The overall approach is based on a three-scale decomposition, each one with appropriate models at each scale:microscopic (micro) scale, where the flow around each solid particle is fully resolved, mesoscopic (meso) scale, using an Euler/Lagrange approach, macroscopic (macro) scale, using An Euler/Euler approach.
The partners of the project have developed various numerical tools at the three different scales. At the meso scale, in moderate-to-dense regimes, models accounting for either chemical reactions or heat transfer are still missing. These models are needed for improving the closure laws at macro scale.
The strategy is to transfer the meso-scale non-turbulent hydrodynamic model of IFPEN's code, PeliGRIFF, into CORIA's LES code, YALES2, and to extend the current meso-scale modelling to chemical reactions, heat and mass transfers as well as turbulence.
This new simulation tool will be used to study the transfer of understanding and modelling from micro to meso scale (from the PeliGRIFF code to the YALES2 code), as well as to set the foundations of the meso-to-macro transfer (from the YALES2 code to IMFT’s NEPTUNE_CFD code).
The project research work is composed of four technical tasks and organised in two major axis of research :
1. Development of a new massively parallel numerical tool to fill the gap in the complete micro-meso-macro multi-scale analysis
a) Task 1 aims at designing new closure laws for the momentum, heat, and mass fluid/particle transfers based on the micro-scale simulations,
b) Task 2 aims at developing our new massively parallel meso-scale Euler/Lagrange numerical code.
2. Using the new tool to progress on physical comprehension and industrial design
a) Task 3 aims at capitalising our progress into a full multi-scale analysis and to evaluate its validity on well documented test cases,
b) Task 4 aims at applying our new simulation tool developed in Task 2 to two flow configurations representative of small-size industrial applications.

The first validations of the developed models at the mesoscopic scale for the hydrodynamical and thermal transfers have been performed with Yales2 on lab-scale experimental configurations.

At the end of the project, we will have a greater understanding of the coupled phenomena (hydrodynamic, chemical and thermal).
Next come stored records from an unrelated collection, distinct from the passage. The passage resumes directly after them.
(* Let $i=\sqrt{-1}$ and let $\zeta_8$ be a primitive $8$-th root of unity. (1) $\{\operatorname{Tr}(M) : M\in G_q(i)\}=\{0,\pm1,\pm2,\pm i,\pm 2i,\pm1\pm i\ (\text{arbitrary signs})\}=\{0,\ c,\ \sqrt{2}\,\zeta_8\,c,\ 2c : c=i^j,\ j=0,1,2,3\}$. (2) For $M_q\in G_q$, let $f(q)=\operatorname{Tr} M_q$. If $f(1)$ is a multiple of $4$, then $f(i)=0$.
   Context: Let $q$ be a formal parameter and let $R_q=\begin{pmatrix} q & 1\\ 0 & 1\end{pmatrix}$, $S_q=\begin{pmatrix} 0 & -q^{-1}\\ 1 & 0\end{pmatrix}\in \mathrm{GL}(2,\mathbb{Z}[q,q^{-1}])$. Let $G_q=\langle R_q,S_q\rangle$ be the group they generate. For $\zeta\in\mathbb{C}^*$, set $G_q(\zeta)=\{M_q|_{q=\zeta} : M_q\in G_q\}\subset \mathrm{GL}(2,\mathbb{C})$. *)

From HB Require Import structures.
From mathcomp Require Import all_boot all_order all_algebra.
From mathcomp Require Import algC.
Set Implicit Arguments. Unset Strict Implicit. Unset Printing Implicit Defensive.
Import Order.TTheory GRing.Theory Num.Theory.
Local Open Scope ring_scope.

(* Elements of G_q = <R_q, S_q> are represented by words in the generators
   and their inverses; M_q|_{q=z} is the corresponding product of the
   specialized generator matrices (specialization q |-> z is a ring
   homomorphism Z[q,q^-1] -> C, so it commutes with products/inverses). *)
Inductive gen := GR | GS | GRinv | GSinv.

Definition Rmx {K : comUnitRingType} (z : K) : 'M[K]_2 :=
  \matrix_(i < 2, j < 2)
    if (i == 0 :> nat) then (if (j == 0 :> nat) then z else 1)
    else (if (j == 0 :> nat) then 0 else 1).

Definition Smx {K : comUnitRingType} (z : K) : 'M[K]_2 :=
  \matrix_(i < 2, j < 2)
    if (i == 0 :> nat) then (if (j == 0 :> nat) then 0 else - z^-1)
    else (if (j == 0 :> nat) then 1 else 0).

Definition gen_mx {K : comUnitRingType} (z : K) (g : gen) : 'M[K]_2 :=
  match g with
  | GR => Rmx z
  | GS => Smx z
  | GRinv => invmx (Rmx z)
  | GSinv => invmx (Smx z)
  end.

Definition eval_word {K : comUnitRingType} (z : K) (w : seq gen) : 'M[K]_2 :=
  foldr (fun g M => gen_mx z g *m M) 1%:M w.

Definition trace_set_i : seq algC :=
  [:: 0; 1; -1; 2; -2; ('i : algC); - 'i; 2 * 'i; - (2 * 'i);
      1 + 'i; 1 - 'i; -1 + 'i; -1 - 'i].

From HB Require Import structures.
From mathcomp Require Import all_boot all_order all_algebra.
From mathcomp Require Import algC ring.
Import GRing.Theory Num.Theory.
Local Open Scope ring_scope.

Set Implicit Arguments.
Unset Strict Implicit.
Unset Printing Implicit Defensive.

(* At q = i the generators have entries in Z[i], since -q^-1 = i.  Pairing the
   specialization q = i with the specialization q = 1 reduced modulo 4, every
   word evaluates to a 2x2 matrix over Z/4 x Z[i], and only finitely many such
   matrices arise: closing the identity under the four generators yields a
   finite list which is checked to be closed, so it contains every word.
   Reading off traces on that list gives (1) and the implication
   tr M(1) = 0 mod 4 => tr M(i) = 0, i.e. (2); short explicit words realise
   each trace.  For the second description in (1), sqrt 2 * zeta_8 is a root
   of X^4 + 4, hence one of the +-1 +- i, and its products with the powers
   of i run through all four of them. *)

Section Quad.
Variable R : pzRingType.

Definition quad := (R * R * R * R)%type.

Definition qmul (A B : quad) : quad :=
  let '(a, b, c, d) := A in let '(e, f, g, h) := B in
  (a * e + b * g, a * f + b * h, c * e + d * g, c * f + d * h).

Definition qtr (A : quad) : R := let '(a, _, _, d) := A in a + d.

Definition quad_mx (A : quad) : 'M[R]_2 :=
  let '(a, b, c, d) := A in
  \matrix_(i < 2, j < 2)
    if i == 0 :> nat then (if j == 0 :> nat then a else b)
    else (if j == 0 :> nat then c else d).

Lemma quad_mxM A B : quad_mx (qmul A B) = quad_mx A *m quad_mx B.
Proof.
case: A => [[[a b] c] d]; case: B => [[[e f] g] h].
apply/matrixP => i j; rewrite !mxE !big_ord_recl big_ord0 !mxE addr0.
by case: i => [[|[|i]] ?] //; case: j => [[|[|j]] ?].
Qed.

Lemma quad_mx1 : quad_mx (1, 0, 0, 1) = 1%:M.
Proof.
by apply/matrixP => i j; rewrite !mxE; case: i => [[|[|i]] ?] //; case: j => [[|[|j]] ?].
Qed.

Lemma mxtrace_quad A : \tr (quad_mx A) = qtr A.
Proof.
by case: A => [[[a b] c] d]; rewrite /mxtrace !big_ord_recl big_ord0 !mxE addr0.
Qed.

(* [zi] stands for z^-1, so that the generators can be specialized in rings
   such as Z[i] and Z/4 without a unit structure. *)
Definition gen_quad (z zi : R) (g : gen) : quad :=
  match g with
  | GR => (z, 1, 0, 1)
  | GS => (0, - zi, 1, 0)
  | GRinv => (zi, - zi, 0, 1)
  | GSinv => (0, 1, - z, 0)
  end.

Definition word_quad (z zi : R) (w : seq gen) : quad :=
  foldr (fun g => qmul (gen_quad z zi g)) (1, 0, 0, 1) w.

Lemma word_quad_mem (z zi : R) (P : seq quad) :
    (1, 0, 0, 1) \in P -> (forall g A, A \in P -> qmul (gen_quad z zi g) A \in P) ->
  forall w, word_quad z zi w \in P.
Proof. by move=> P1 PM; elim=> //= g w; apply: PM. Qed.

End Quad.

Arguments quad_mx : simpl never.

Definition qmap (R S : Type) (f : R -> S) (A : R * R * R * R) : S * S * S * S :=
  let '(a, b, c, d) := A in (f a, f b, f c, f d).

Section QuadMorphism.
Variables (R S : pzRingType) (f : {rmorphism R -> S}).

Lemma qmapM (A B : quad R) : qmap f (qmul A B) = qmul (qmap f A) (qmap f B).
Proof.
by case: A => [[[a b] c] d]; case: B => [[[e k] g] h]; rewrite /= !rmorphD !rmorphM.
Qed.

Lemma qtr_qmap (A : quad R) : qtr (qmap f A) = f (qtr A).
Proof. by case: A => [[[a b] c] d]; rewrite /= rmorphD. Qed.

Lemma word_quad_map (z zi : R) w :
  qmap f (word_quad z zi w) = word_quad (f z) (f zi) w.
Proof.
elim: w => [|g w IHw] /=; first by rewrite rmorph0 rmorph1.
rewrite qmapM IHw; congr qmul.
by case: g; rewrite /= ?rmorph0 ?rmorph1 ?rmorphN.
Qed.

End QuadMorphism.

Lemma mulmx1_invmx (K : comUnitRingType) n (A B : 'M[K]_n) :
  A *m B = 1%:M -> invmx A = B.
Proof.
move=> AB1; have [uA _] := mulmx1_unit AB1.
by rewrite -[B]mul1mx -(mulVmx uA) -mulmxA AB1 mulmx1.
Qed.

Section Specialization.
Variables (K : comUnitRingType) (z : K).
Hypothesis z_unit : z \is a GRing.unit.

Lemma gen_mx_quad g : gen_mx z g = quad_mx (gen_quad z z^-1 g).
Proof.
have Rz : Rmx z = quad_mx (z, 1, 0, 1) by apply/matrixP => i j; rewrite !mxE.
have Sz : Smx z = quad_mx (0, - z^-1, 1, 0) by apply/matrixP => i j; rewrite !mxE.
case: g => /=; rewrite ?Rz ?Sz //; apply: mulmx1_invmx;
  rewrite -quad_mxM -quad_mx1; congr quad_mx;
  rewrite /= !(mulr1, mul1r, mulr0, mul0r, addr0, add0r).
  by rewrite mulrN divrr // addNr.
by rewrite mulrNN mulVr.
Qed.

Lemma eval_word_quad w : eval_word z w = quad_mx (word_quad z z^-1 w).
Proof.
elim: w => [|g w IHw] /=; first by rewrite quad_mx1.
by rewrite IHw gen_mx_quad quad_mxM.
Qed.

End Specialization.

Record gaussint := GaussInt { gre : int; gim : int }.

Definition gauss_pair (x : gaussint) : int * int := (gre x, gim x).
Definition pair_gauss (p : int * int) : gaussint := GaussInt p.1 p.2.
Lemma gauss_pairK : cancel gauss_pair pair_gauss. Proof. by case. Qed.
HB.instance Definition _ := Countable.copy gaussint (can_type gauss_pairK).

Definition gadd (x y : gaussint) := GaussInt (gre x + gre y) (gim x + gim y).
Definition gopp (x : gaussint) := GaussInt (- gre x) (- gim x).
Definition gmul (x y : gaussint) :=
  GaussInt (gre x * gre y - gim x * gim y) (gre x * gim y + gim x * gre y).

Fact gaddA : associative gadd.
Proof. by move=> [a b] [c d] [e f]; rewrite /gadd /= !addrA. Qed.
Fact gaddC : commutative gadd.
Proof. by move=> [a b] [c d]; rewrite /gadd /= addrC [b + _]addrC. Qed.
Fact gadd0 : left_id (GaussInt 0 0) gadd.
Proof. by move=> [a b]; rewrite /gadd /= !add0r. Qed.
Fact gaddN : left_inverse (GaussInt 0 0) gopp gadd.
Proof. by move=> [a b]; rewrite /gadd /= !addNr. Qed.
HB.instance Definition _ := GRing.isZmodule.Build gaussint gaddA gaddC gadd0 gaddN.

Fact gmulA : associative gmul.
Proof. by move=> [a b] [c d] [e f]; rewrite /gmul /=; congr GaussInt; ring. Qed.
Fact gmulC : commutative gmul.
Proof. by move=> [a b] [c d]; rewrite /gmul /=; congr GaussInt; ring. Qed.
Fact gmul1 : left_id (GaussInt 1 0) gmul.
Proof. by move=> [a b]; rewrite /gmul /=; congr GaussInt; ring. Qed.
Fact gmulDl : left_distributive gmul gadd.
Proof. by move=> [a b] [c d] [e f]; rewrite /gmul /gadd /=; congr GaussInt; ring. Qed.
Fact gauss1_neq0 : GaussInt 1 0 != GaussInt 0 0. Proof. by []. Qed.
HB.instance Definition _ :=
  GRing.Zmodule_isComNzRing.Build gaussint gmulA gmulC gmul1 gmulDl gauss1_neq0.

Definition gauss_i : gaussint := GaussInt 0 1.

Definition gaussC (x : gaussint) : algC := (gre x)%:~R + (gim x)%:~R * 'i.
Arguments gaussC : simpl never.

Lemma mulCii : 'i * 'i = -1 :> algC. Proof. by rewrite -expr2 sqrCi. Qed.

Fact gaussC_is_zmod_morphism : zmod_morphism gaussC.
Proof. by move=> [a b] [c d]; rewrite /gaussC /= !(intrD, intrN); ring. Qed.
Fact gaussC_is_monoid_morphism : monoid_morphism gaussC.
Proof.
split; first by rewrite /gaussC /= mulr0z mul0r addr0.
by move=> [a b] [c d]; rewrite /gaussC /= !(intrD, intrN, intrM); ring: mulCii.
Qed.
HB.instance Definition _ :=
  GRing.isZmodMorphism.Build gaussint algC gaussC gaussC_is_zmod_morphism.
HB.instance Definition _ :=
  GRing.isMonoidMorphism.Build gaussint algC gaussC gaussC_is_monoid_morphism.

Lemma gaussC_i : gaussC gauss_i = 'i.
Proof. by rewrite /gaussC /= mulr0z mul1r add0r. Qed.

Definition gens : seq gen := [:: GR; GS; GRinv; GSinv].

Lemma all_gens (p : pred gen) : all p gens -> forall g, p g.
Proof. by rewrite /= andbT => /and4P [? ? ? ?] []. Qed.

Definition orbit_step (R : pzRingType) (z zi : R) (P : seq (quad R)) : seq (quad R) :=
  undup (P ++ [seq qmul (gen_quad z zi g) A | A <- P, g <- gens]).

(* The first component follows q = 1 modulo 4, the second q = i. *)
Definition Z4xZi := ('Z_4 * gaussint)%type.
Definition q1i : Z4xZi := (1, gauss_i).
Definition q1i_inv : Z4xZi := (1, - gauss_i).

(* Nine rounds reach the fixed point, as certified by [orbit_i_closed]. *)
Definition orbit_i : seq (quad Z4xZi) :=
  iter 9 (orbit_step q1i q1i_inv) [:: (1, 0, 0, 1)].

Lemma orbit_i_closed :
  all (fun A => all (fun g => qmul (gen_quad q1i q1i_inv g) A \in orbit_i) gens) orbit_i.
Proof. by vm_compute. Qed.

Lemma word_quad_orbit_i w : word_quad q1i q1i_inv w \in orbit_i.
Proof.
apply: word_quad_mem; first by vm_compute.
by move=> g A /(allP orbit_i_closed)/all_gens; apply.
Qed.

Definition gauss_diag : seq gaussint :=
  [:: 1 + gauss_i; 1 - gauss_i; -1 + gauss_i; -1 - gauss_i].

Definition gauss_traces : seq gaussint :=
  [:: 0; 1; -1; 2; -2; gauss_i; - gauss_i; 2 * gauss_i; - (2 * gauss_i)] ++ gauss_diag.

Lemma gauss_diagE : [:: 1 + 'i; 1 - 'i; -1 + 'i; -1 - 'i] = map gaussC gauss_diag.
Proof. by rewrite /= !(rmorph1, rmorphN, rmorphD, rmorphB) /= gaussC_i. Qed.

Lemma trace_set_iE : trace_set_i = map gaussC gauss_traces.
Proof.
rewrite map_cat -gauss_diagE /=.
by rewrite !(rmorph0, rmorph1, rmorphN, rmorphM, rmorph_nat) /= gaussC_i.
Qed.

Lemma orbit_i_traces : all (fun A => (qtr A).2 \in gauss_traces) orbit_i.
Proof. by vm_compute. Qed.

Lemma orbit_i_trace_mod4 : all (fun A => ((qtr A).1 == 0) ==> ((qtr A).2 == 0)) orbit_i.
Proof. by vm_compute. Qed.

Definition trace_witnesses : seq (seq gen) :=
  [:: [::]; [:: GR]; [:: GS]; [:: GRinv]; [:: GS; GR]; [:: GSinv; GR]; [:: GS; GS];
      [:: GRinv; GS]; [:: GSinv; GSinv]; [:: GS; GS; GR]; [:: GSinv; GSinv; GRinv];
      [:: GS; GR; GS; GR]; [:: GS; GS; GS; GS]].

Lemma trace_witnessesP :
  all (fun t => has (fun w => (qtr (word_quad q1i q1i_inv w)).2 == t) trace_witnesses)
    gauss_traces.
Proof. by vm_compute. Qed.

Lemma mxtrace_eval_word_i w :
  \tr (eval_word 'i w) = gaussC (qtr (word_quad q1i q1i_inv w)).2.
Proof.
have i_unit : ('i : algC) \is a GRing.unit by rewrite unitfE neq0Ci.
rewrite eval_word_quad // mxtrace_quad invCi.
have -> : word_quad 'i (- 'i) w = qmap gaussC (qmap snd (word_quad q1i q1i_inv w)).
  by rewrite !word_quad_map /= rmorphN /= gaussC_i.
by rewrite (qtr_qmap gaussC) qtr_qmap.
Qed.

Lemma mxtrace_eval_word_1 w :
  \tr (eval_word (1 : algC) w) = (qtr (word_quad 1 1 w : quad int))%:~R.
Proof.
rewrite eval_word_quad ?unitr1 // mxtrace_quad invr1.
have -> : word_quad (1 : algC) 1 w = qmap intr (word_quad 1 1 w).
  by rewrite word_quad_map rmorph1.
by rewrite qtr_qmap.
Qed.

Lemma qtr_word_quad_1_mod4 w :
  (qtr (word_quad 1 1 w : quad int))%:~R = (qtr (word_quad q1i q1i_inv w)).1 :> 'Z_4.
Proof.
rewrite -qtr_qmap word_quad_map rmorph1.
by rewrite -[in RHS]qtr_qmap word_quad_map.
Qed.

Lemma trace_image_i t : (exists w, \tr (eval_word 'i w) = t) <-> t \in trace_set_i.
Proof.
rewrite trace_set_iE; split => [[w <-]|].
  by rewrite mxtrace_eval_word_i map_f // (allP orbit_i_traces _ (word_quad_orbit_i w)).
case/mapP=> s s_tr ->.
have /(has_nthP [::]) [n _ /eqP tr_w] := allP trace_witnessesP s s_tr.
by exists (nth [::] trace_witnesses n); rewrite mxtrace_eval_word_i tr_w.
Qed.

Lemma trace_i_eq0_of_trace1_mod4 w :
    (exists k : int, \tr (eval_word (1 : algC) w) = (4 * k)%:~R) ->
  \tr (eval_word ('i : algC) w) = 0.
Proof.
case=> k; rewrite mxtrace_eval_word_1 => /intr_inj tr_4k.
have := allP orbit_i_trace_mod4 _ (word_quad_orbit_i w).
rewrite -qtr_word_quad_1_mod4 tr_4k intrM rmorph_nat pchar_Zp // mul0r eqxx => /eqP tr_i.
by rewrite mxtrace_eval_word_i tr_i rmorph0.
Qed.

Definition rotated_traces (v : gaussint) : seq gaussint :=
  flatten [seq [:: 0; gauss_i ^+ j; v * gauss_i ^+ j; 2 * gauss_i ^+ j] | j <- iota 0 4].

Lemma rotated_traces_perm :
  all (fun v => perm_eq (undup (rotated_traces v)) gauss_traces) gauss_diag.
Proof. by vm_compute. Qed.

Lemma trace_set_i_rotations (u t : algC) : u \in [:: 1 + 'i; 1 - 'i; -1 + 'i; -1 - 'i] ->
  t \in trace_set_i <->
  exists j, (j < 4)%N /\ (t = 0 \/ t = 'i ^+ j \/ t = u * 'i ^+ j \/ t = 2 * 'i ^+ j).
Proof.
rewrite gauss_diagE => /mapP [v v_diag ->].
have rot_v : rotated_traces v =i gauss_traces.
  by move=> s; rewrite -(perm_mem (allP rotated_traces_perm v v_diag)) mem_undup.
rewrite trace_set_iE -(eq_mem_map gaussC rot_v) map_flatten -map_comp.
split => [/flatten_mapP [j] | [j [j4 t_j]]]; last apply/flatten_mapP.
  rewrite mem_iota => j4 /=; rewrite !(rmorph0, rmorphM, rmorphXn, rmorph_nat) /= gaussC_i.
  by rewrite !inE => /or4P [] /eqP ->; exists j; split; tauto.
exists j; first by rewrite mem_iota.
rewrite /= !(rmorph0, rmorphM, rmorphXn, rmorph_nat) /= gaussC_i !inE.
by case: t_j => [|[|[|]]] ->; rewrite eqxx ?orbT.
Qed.

Lemma prim8_expr4 (z : algC) : 8.-primitive_root z -> z ^+ 4 = -1.
Proof.
move=> prim_z; have := sqrf_eq1 (z ^+ 4).
rewrite -exprM (prim_expr_order prim_z) eqxx -(prim_order_dvd prim_z) /=.
by move/esym/eqP.
Qed.

Lemma sqrt2_prim8 (z : algC) : 8.-primitive_root z ->
  sqrtC 2 * z \in [:: 1 + 'i; 1 - 'i; -1 + 'i; -1 - 'i].
Proof.
move=> /prim8_expr4 z4; set u := sqrtC 2 * z.
have u4 : u ^+ 4 = -4 by rewrite exprMn z4 (exprM _ 2 2) sqrtCK; ring.
have : (u - (1 + 'i)) * (u - (1 - 'i)) * (u - (-1 + 'i)) * (u - (-1 - 'i)) = 0.
  by rewrite -[RHS](subrr (u ^+ 4)) {2}u4; ring: mulCii.
by move/eqP; rewrite !mulf_eq0 !subr_eq0 !inE -!orbA.
Qed.

Theorem corollary3p5 (z8 : algC) (hz8 : 8.-primitive_root z8) :
  (* (1), first description *)
  (forall t : algC,
     (exists w : seq gen, \tr (eval_word ('i : algC) w) = t) <-> t \in trace_set_i) /\
  (* (1), second description *)
  (forall t : algC,
     (exists w : seq gen, \tr (eval_word ('i : algC) w) = t) <->
     (exists j : nat, (j < 4)%N /\
        let c := ('i : algC) ^+ j in
        t = 0 \/ t = c \/ t = sqrtC 2 * z8 * c \/ t = 2 * c)) /\
  (* (2) *)
  (forall w : seq gen,
     (exists k : int, \tr (eval_word (1 : algC) w) = (4 * k)%:~R) ->
     \tr (eval_word ('i : algC) w) = 0).
Proof.
split; first exact: trace_image_i.
split; last exact: trace_i_eq0_of_trace1_mod4.
move=> t; apply: iff_trans (trace_image_i t) _.
exact: trace_set_i_rotations (sqrt2_prim8 hz8).
Qed.
(* For every $N\ge3$ and every choice of settings $X_j,X_j'$ ($j=1,\dots,N$), $|\langle I^N_{CHSH}\rangle|\le 2\sqrt2$. Moreover, if the settings satisfy (ND) and $\langle I^N_{CHSH}\rangle=\pm2\sqrt2$, then $\langle I^2_{CHSH}\rangle=\langle I^N_{CHSH}\rangle$.
   Context: $|G\rangle=\frac{1}{\sqrt2}(|0\cdots0\rangle+|1\cdots1\rangle)$ ($N$ qubits), $|\psi_+\rangle=\frac1{\sqrt2}(|00\rangle+|11\rangle)$, $\vec\sigma=(\sigma_x,\sigma_y,\sigma_z)$ Pauli matrices. For $j=1,\dots,N$: $X_j=\vec n_j\cdot\vec\sigma$, $X_j'=\vec n_j'\cdot\vec\sigma$ with $\vec n_j=(\sin\alpha_j\cos\varphi_j,\sin\alpha_j\sin\varphi_j,\cos\alpha_j)$, $\vec n_j'=(\sin\alpha_j'\cos\varphi_j',\sin\alpha_j'\sin\varphi_j',\cos\alpha_j')$, $\alpha_j,\alpha_j'\in[0,\pi]$. $\mathbb A_0=\bigotimes_{j=1}^{N-1}X_j$, $\mathbb A_1=\bigotimes_{j=1}^{N-1}X_j'$, $\mathbb B_0=X_N$, $\mathbb B_1=X_N'$, and $\langle I^N_{CHSH}\rangle=\sum_{a,b\in\{0,1\}}(-1)^{ab}\langle G|\mathbb A_a\otimes\mathbb B_b|G\rangle$. (ND): $D:=(\prod_{j=1}^{N-1}\cos\alpha_j)^2+(\prod_{j=1}^{N-1}\sin\alpha_j)^2\neq0$, $D':=(\prod_{j=1}^{N-1}\cos\alpha_j')^2+(\prod_{j=1}^{N-1}\sin\alpha_j')^2\neq0$, and if $N$ is odd, $\sin\alpha_N\neq0\neq\sin\alpha_N'$. Under (ND): $\varepsilon=D^{-1/2}$, $\varepsilon'=D'^{-1/2}$; $A_0=\vec{\mathrm n}_0\cdot\vec\sigma$, $\vec{\mathrm n}_0=\varepsilon(\prod_{j<N}\sin\alpha_j\cos\beta,\prod_{j<N}\sin\alpha_j\sin\beta,\prod_{j<N}\cos\alpha_j)$, $\beta=\sum_{j=1}^{N-1}\varphi_j$; $A_1$ likewise from primed parameters with $\varepsilon'$. If $N$ even, $B_0=X_N,B_1=X_N'$; if $N$ odd, $B_0=\cos\varphi_N\sigma_x+\sin\varphi_N\sigma_y$, $B_1=\cos\varphi_N'\sigma_x+\sin\varphi_N'\sigma_y$. $\langle I^2_{CHSH}\rangle=\sum_{a,b}(-1)^{ab}\langle\psi_+|A_a\otimes B_b|\psi_+\rangle$. *)

From HB Require Import structures.
From mathcomp Require Import all_boot all_order all_algebra.
From mathcomp Require Import reals trigo.
From mathcomp.real_closed Require Import complex mxtens.
Lemma gport_weight_rcons h v :
  gport_weight alpha ell p (rcons h v) = gport_weight alpha ell p h * gport_trans alpha ell p h v.
Proof.
rewrite /gport_weight size_rcons big_ord_recr /= -cats1 take_size_cat // nth_cat ltnn subnn.
congr (_ * _); apply: eq_bigr => i _.
by rewrite takel_cat ?nth_cat ?ltn_ord //; apply: ltnW.
Qed.

Lemma urn_weight_rcons u c : urn_weight alpha ell p j (rcons u c)
  = urn_weight alpha ell p j u * (Z u (size u) c / \sum_(i < j.+2) Z u (size u) i).
Proof.
rewrite /urn_weight size_rcons big_ord_recr /= urn_state_rcons // nth_rcons ltnn eqxx.
congr (_ * _); apply: eq_bigr => i _ /=.
by rewrite urn_state_rcons ?nth_rcons ?ltn_ord //; apply: ltnW.
Qed.

Lemma gport_colour_hist_law N (F : seq nat -> R) :
  \sum_(h <- gport_hists p N) gport_weight alpha ell p h * F (colour_hist j h)
  = \sum_(u <- urn_hists j N) urn_weight alpha ell p j u * F u.
Proof.
elim: N F => [|N IH] F; first by rewrite !big_seq1 /gport_weight /urn_weight !big_ord0.
pose G u := \sum_(c < j.+2) (Z u (size u) c / \sum_(i < j.+2) Z u (size u) i) * F (rcons u c).
have -> : gport_hists p N.+1 = flatten [seq [seq rcons h v | v <- gport_choices p N]
                                           | h <- gport_hists p N] by [].
have -> : urn_hists j N.+1 = flatten [seq [seq rcons u c | c <- iota 0 j.+2]
                                         | u <- urn_hists j N] by [].
rewrite !big_flatten !big_map.
transitivity (\sum_(h <- gport_hists p N) gport_weight alpha ell p h * G (colour_hist j h)).
  apply: eq_big_seq => h /gport_hists_valid [<- vh]; rewrite big_map.
  under eq_bigr => v _ do rewrite gport_weight_rcons colour_hist_rcons -mulrA.
  rewrite -big_distrr /= (sum_by_colour j _ h) /G size_colour_hist; congr (_ * _).
  apply: eq_bigr => c _; under eq_bigr => v /eqP -> do rewrite gport_transE.
  have [_ _ <-] := urn_state_colour_hist vh.
  by rewrite -!big_distrl /= sum_colour.
rewrite IH; apply: eq_bigr => u _.
rewrite big_map -[iota 0 j.+2]/(index_iota 0 j.+2) big_mkord /G big_distrr.
by apply: eq_bigr => c _; rewrite urn_weight_rcons -[RHS]mulrA.
Qed.
End Coupling.

Local Open Scope ring_scope.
Moreover, the capitalization of this knowledge in a CFD code with the ability to perform calculations on massively parallel architectures will enable to apply the models on full-scale industrial problems. Many applications involving turbulent and reactive particulate flows, such as fluid catalytic cracking units, biomass and waste gasification systems, chemical looping combustion, solar receivers could be studied and would lead to a smarter design.

A paper submitted in Proceedings of the Summer Program 2016 (Y. Dufresne et al.), another in the ICPM6 Conference, 2016 (A. Hammouti et al.) and a paper submitted to Int. J of Multiphase Flow (A. Esteghamatian et al.)

Many industrial processes like coal combustion, catalytic craking, gas phase polymerization reactors, and more recently, biomass gasification and chemical looping involve two-phase reactive flows in which the continuous phase is a fluid and the dispersed one comprises rigid particles. Improving both the design and the operating conditions of these processes represents a major scientific and industrial challenge in a context of markedly rising energy cost and sustainable development (MORE control 4 LESS environmental footprint). Thus, it is above all important to better understand the coupling of hydrodynamic, chemical and thermal phenomena in those flows in order to be able to predict them reliably . The aim of MORE4LESS is to build up a multi-scale modelling approach of reactive particulate flows and to focus on the development of what we consider to be the weakest link, i.e. the mesoscopic scale Euler/Lagrange model with heat transfer and chemical reactions for particle-laden flows in dense and dilute regimes. This new modelling will be implemented in a massively parallel numerical code that will enable us to take a step towards the enhanced design of semi-industrial processes.